Now, let’s look at the plot and notice the increase in the coverage where MDR1 starts (after 955kb). Also, when we zoom-in in the MDR1, we can see many red flags with the right to left orientation. Notably, two neighboring genes (PF3D7_0523100 and PF3D7_0523200) also share these findings.

sample_viewer('PD0131-C', 5, 941041, 969604)
Visualizing chromosome 5 for genomic locus: Pf3D7_05_v3:941,041-969,604
<igv_notebook.browser.Browser at 0x7a8c22ff01f0>

Plasmepsin 2/3 Duplication

Duplication of the Plasmepsin 2/3 gene can lead to resistance to piperaquine, a partner drug used in artemisinin-based combination therapies (ACTs).

We will showcase two samples from Pf8 where we observed a duplication event. In addition to the red reads (insertions) with orientations right versus left, there are numerous left versus right reads indicating an insertion into the genome, marked in green at the genomic location of 298-299 kb.

Also note that the coverage of Plasmepsin 2/3 gene (3892) is 2-5 times more than the neighbour genes.

sample_viewer('PG0607-C', 14, 295000, 302000)
Visualizing chromosome 14 for genomic locus: Pf3D7_14_v3:295,000-302,000
<igv_notebook.browser.Browser at 0x7b8780599e70>

Let’s look at the duplication at the second sample in genomic locus close to 299kb.

sample_viewer('PG0609-C', 14, 293000, 300000)
Visualizing chromosome 14 for genomic locus: Pf3D7_14_v3:293,000-300,000
<igv_notebook.browser.Browser at 0x7b8780599ea0>

Along with these insertions, we can also see from the plots that there are breakpoints close to MDR1. A breakpoint represents a genomic position where structural variation occurs, such as a duplication.

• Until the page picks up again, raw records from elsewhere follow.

Lemma measurable_forall_rat (Q : pred rat) (A : rat -> set M) :
  (forall q, Q q -> measurable (A q)) -> measurable [set w | forall q, Q q -> A q w].
Proof.
move=> mA; have -> : [set w | forall q, Q q -> A q w] =
    ~` \bigcup_q (if Q q then ~` A q else set0).
  apply/seteqP; split => w /=.
    by move=> Aw [q _]; case: ifP => // /Aw.
  by move=> nA q Qq; apply: contra_notP nA => nAq; exists q => //; rewrite Qq.
by apply/measurableC/bigcupT_measurable_rat => q; case: ifP => // /mA /measurableC.
Qed.

Lemma measurable_dist_le [f g : M -> R] (c : R) :
  measurable_fun setT f -> measurable_fun setT g ->
  measurable [set w | `|f w - g w| <= c].
Proof.
move=> mf mg; rewrite -[X in measurable X]setTI; apply: measurable_fun_le => //.
by apply: measurableT_comp => //; exact: measurable_funB.
Qed.

Variables (I : finType) (X : R -> M -> I -> R) (a b : R).
Hypotheses (ab : a < b)
  (mX : forall q : rat, a <= ratr q <= b -> forall i, measurable_fun setT (X (ratr q) ^~ i))
  (cX : forall w i, {within `[a, b], continuous (fun u => X u w i)}).

Lemma measurable_dist_le_itv (Z : M -> I -> R) (c : R) :
  (forall i, measurable_fun setT (Z ^~ i)) ->
  measurable [set w | forall u i, a <= u <= b -> `|X u w i - Z w i| <= c].
Proof.
move=> mZ; have -> : [set w | forall u i, a <= u <= b -> `|X u w i - Z w i| <= c] =
    [set w | forall q, a <= ratr q <= b ->
               (\bigcap_(i in [set: I]) [set w | `|X (ratr q) w i - Z w i| <= c]) w].
  apply/seteqP; split => w /= Xw; first by move=> q qab i _; apply: Xw.
  by move=> u i; apply: (le_itv_of_rat ab (cX w i)) => q /Xw/(_ i); apply.
apply: measurable_forall_rat => q qab.
by apply: fin_bigcap_measurable => // i _; exact: measurable_dist_le _ (mX q qab i) (mZ i).
Qed.

Lemma measurable_osc_le (c : R) :
  measurable [set w | forall u v i, a <= u <= b -> a <= v <= b ->
                        `|X u w i - X v w i| <= c].
Proof.
have -> : [set w | forall u v i, a <= u <= b -> a <= v <= b -> `|X u w i - X v w i| <= c] =
    [set w | forall q, a <= ratr q <= b ->
               [set w | forall u i, a <= u <= b -> `|X u w i - X (ratr q) w i| <= c] w].
  apply/seteqP; split => w /= Xw; first by move=> q qab u i uab; exact: Xw.
  move=> u v i uab; rewrite distrC; apply: (le_itv_of_rat ab (cX w i)) => q qab.
  by rewrite distrC; exact: Xw.
apply: measurable_forall_rat => q qab; exact: measurable_dist_le_itv (mX q qab).
Qed.

End measurable_on_segment.

Section conditional_probability_null.
Context {d} {Omega : measurableType d} {R : realType} {P : probability Omega R}
  {G : set (set Omega)} {A : set Omega} {Y : Omega -> R}.
Hypotheses (subG : G `<=` measurable) (YA : cond_prob_version P G A Y).

Lemma cond_prob_le0_null [B] : G B -> (forall w, B w -> Y w <= 0) -> P (A `&` B) = 0%E.
Proof.
case: YA => _ _ _ YAE GB YB; apply/eqP; rewrite eq_le measure_ge0 andbT -YAE //.
have -> : (\int[P]_(x in B) (Y x)%:E = - \int[P]_(x in B) (- Y x)%:E)%E.
  rewrite -integral_ge0N => [|w /YB]; last by rewrite lee_fin oppr_ge0.
  by apply: eq_integral => w _; rewrite EFinN oppeK.
by rewrite oppe_le0; apply: integral_ge0 => w /YB; rewrite lee_fin oppr_ge0.
Qed.

Lemma cond_prob_gt0_null [B] : {ae P, forall w, 0 < Y w} -> G B ->
  P (A `&` B) = 0%E -> P B = 0%E.
Proof.
case: YA => _ _ intY YAE Ypos GB PAB; have mB := subG _ GB.
have mY : measurable_fun B (EFin \o Y) := measurable_funS measurableT (subsetT B)
  (measurable_int _ intY).
have : (\int[P]_(x in B) `|(EFin \o Y) x| = 0)%E.
  rewrite -PAB -(YAE _ GB); apply: ae_eq_integral => //.
    exact: measurableT_comp.
  by apply: filterS Ypos => w Yw _ /=; rewrite gtr0_norm.
move=> /(ae_eq_integral_abs P mB mY).1 YB0; apply/(negligibleP _ mB).
apply: negligibleS (negligibleU YB0 Ypos) => w Bw.
have [Yw|Yw] := ltP 0 (Y w); last by right => /=; rewrite ltNge Yw.
by left => /= /(_ Bw) [] /eqP; rewrite gt_eqF.
Qed.

End conditional_probability_null.

Section sticky_process.
Context dsp (Omega : measurableType dsp) (R : realType) (P : probability Omega R)
  (T : R) (F : R -> set (set Omega)) (d : nat) (S : R -> Omega -> 'I_d -> R).
Hypotheses (T_gt0 : 0 < T) (filtF : is_filtration T F)
  (adaptedS : forall [t] i, 0 <= t <= T -> Gmeasurable (F t) (fun w => S t w i))
  (contS : forall w i, {within `[0, T], continuous (fun t => S t w i)}).

Lemma sigma_algebra_F [t] : 0 <= t <= T -> sigma_algebra setT (F t).
Proof. by case: filtF => FT _ _ /FT[]. Qed.

Lemma F_sub_measurable [t] : 0 <= t <= T -> F t `<=` measurable.
Proof. by case: filtF => FT _ _ /FT[]. Qed.

Lemma measurable_FE t (A : set Omega) : 0 <= t <= T ->
  measurable (A : set (g_sigma_algebraType (F t))) = F t A.
Proof. by move=> /sigma_algebra_F FtT; rewrite measurable_g_measurableTypeE. Qed.

Lemma measurable_S_at t u i : 0 <= u <= t -> t <= T ->
  measurable_fun [set: g_sigma_algebraType (F t)] (fun w => S u w i).
Proof.
case/andP=> u0 ut tT _ B mB; have t0T : 0 <= t <= T by rewrite (le_trans u0 ut).
rewrite setTI measurable_FE //; case: filtF => _ Fmono _; apply: (Fmono u t) => //.
by apply: adaptedS => //; rewrite u0 (le_trans ut).
Qed.

Lemma measurable_S u i : 0 <= u <= T -> measurable_fun setT (fun w => S u w i).
Proof.
by move=> u0T _ B mB; rewrite setTI; exact: F_sub_measurable u0T _ (adaptedS i u0T B mB).
Qed.

Lemma continuous_S_on a b w i : 0 <= a -> b <= T ->
  {within `[a, b], continuous (fun u => S u w i)}.
Proof.
move=> a0 bT; apply: continuous_subspaceW (contS w i) => u /=.
by rewrite !in_itv /= => /andP[au ub]; rewrite (le_trans a0 au) (le_trans ub bT).
Qed.

Lemma increment_bounded w : exists M, forall u v, 0 <= u <= T -> 0 <= v <= T ->
  maxnorm (fun i => S u w i - S v w i) <= M.
Proof.
have [M M0 SM] := within_continuous_bounded (contS w).
exists (M + M) => u v u0T v0T; apply: le_trans (maxnormD _ _) _.
by apply: lerD; apply: maxnorm_le => // i; rewrite ?normrN; exact: SM.
Qed.

Lemma le_Sstar (tau : Omega -> R) w u : 0 <= tau w -> tau w <= u <= T ->
  maxnorm (fun i => S u w i - S (tau w) w i) <= Sstar T S tau w.
Proof.
move=> tau0 /andP[tu uT]; have [M devM] := increment_bounded w.
apply: ub_le_sup; last by exists u => //; rewrite /= in_itv /= tu uT.
exists M => x [v /=]; rewrite in_itv /= => /andP[tv vT] <-.
by apply: devM; rewrite ?tau0 ?(le_trans tau0 tv) ?vT ?(le_trans tu uT).
Qed.

Lemma Sstar_le (tau : Omega -> R) w c : tau w <= T ->
  (forall u, tau w <= u <= T -> maxnorm (fun i => S u w i - S (tau w) w i) <= c) ->
  Sstar T S tau w <= c.
Proof.
move=> tauT devc; apply: ge_sup => [|x [u /=]]; last by rewrite in_itv => /devc cu <-.
exists (maxnorm (fun i => S (tau w) w i - S (tau w) w i)), (tau w) => //.
by rewrite /= in_itv /= lexx.
Qed.

Lemma Sstar_le_add (tau : Omega -> R) t w c : 0 <= tau w <= t -> t <= T ->
  (forall u, tau w <= u <= t -> maxnorm (fun i => S u w i - S (tau w) w i) <= c) ->
  Sstar T S tau w <= c + Sstar T S (fun=> t) w.
Proof.
case/andP=> tau0 taut tT devc; have t0 := le_trans tau0 taut.
have Sstar_t0 : 0 <= Sstar T S (fun=> t) w.
  by apply: le_trans (maxnorm_ge0 _) (le_Sstar (fun=> t) w t t0 _); rewrite lexx.
apply: Sstar_le => [|u /andP[tauu uT]]; first exact: le_trans tT.
have [ut|tu] := leP u t; first by rewrite ler_wpDr // devc // tauu.
have -> : (fun i => S u w i - S (tau w) w i) =
    (fun i => (S u w i - S t w i) + (S t w i - S (tau w) w i)).
  by apply/funext => i; rewrite addrA subrK.
rewrite addrC; apply: le_trans (maxnormD _ _) _; apply: lerD.
  by apply: (le_Sstar (fun=> t)); rewrite ?t0 // (ltW tu).
by apply: devc; rewrite taut lexx.
Qed.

We will zoom into sample 1 and sample 2 to note the starting position of the breakpoint.

The breakpoint in the first sample starts around 297,350bp.

sample_viewer('PG0607-C', 14, 297200, 299000)
Visualizing chromosome 14 for genomic locus: Pf3D7_14_v3:297,200-299,000
<igv_notebook.browser.Browser at 0x7b8780599d50>

The breakpoint in the second sample starts around 297,300bp, 60 base pairs behind from the first sample.

sample_viewer('PG0609-C', 14, 297200, 299000)
Visualizing chromosome 14 for genomic locus: Pf3D7_14_v3:297,200-299,000
<igv_notebook.browser.Browser at 0x7b878059a290>

CRT 72-76 Haplotype

In the last example, we will look at a CRT 72-76 haplotype, which is a genetic marker associated with resistance to chloroquine, an antimalarial drug. The haplotype is a combination of amino acid residues at positions 72 to 76 in the P. falciparum chloroquine-resistance transporter (pfcrt) gene.

In the IGV plot genomic locations 403,620-403,625 bp, we can see while some reads don’t have any SNP, other reads have the following 4 SNPs: 403620 G>T, 403621 A>G, 403624 T>A, 403625 A>C. These four SNPs indicates a variation from the reference genome (3D7) and makes the CVIET haplotype.

sample_viewer('FP0025-C', 7, 403600, 403650)
Visualizing chromosome 7 for genomic locus: Pf3D7_07_v3:403,600-403,650
<igv_notebook.browser.Browser at 0x7b8780599900>

Conclusion

In summary, you can visualise genomic variation in any Pf8 sample, by simply specifying sample ID, gene, and locus information to the sample_viewer function in this notebook.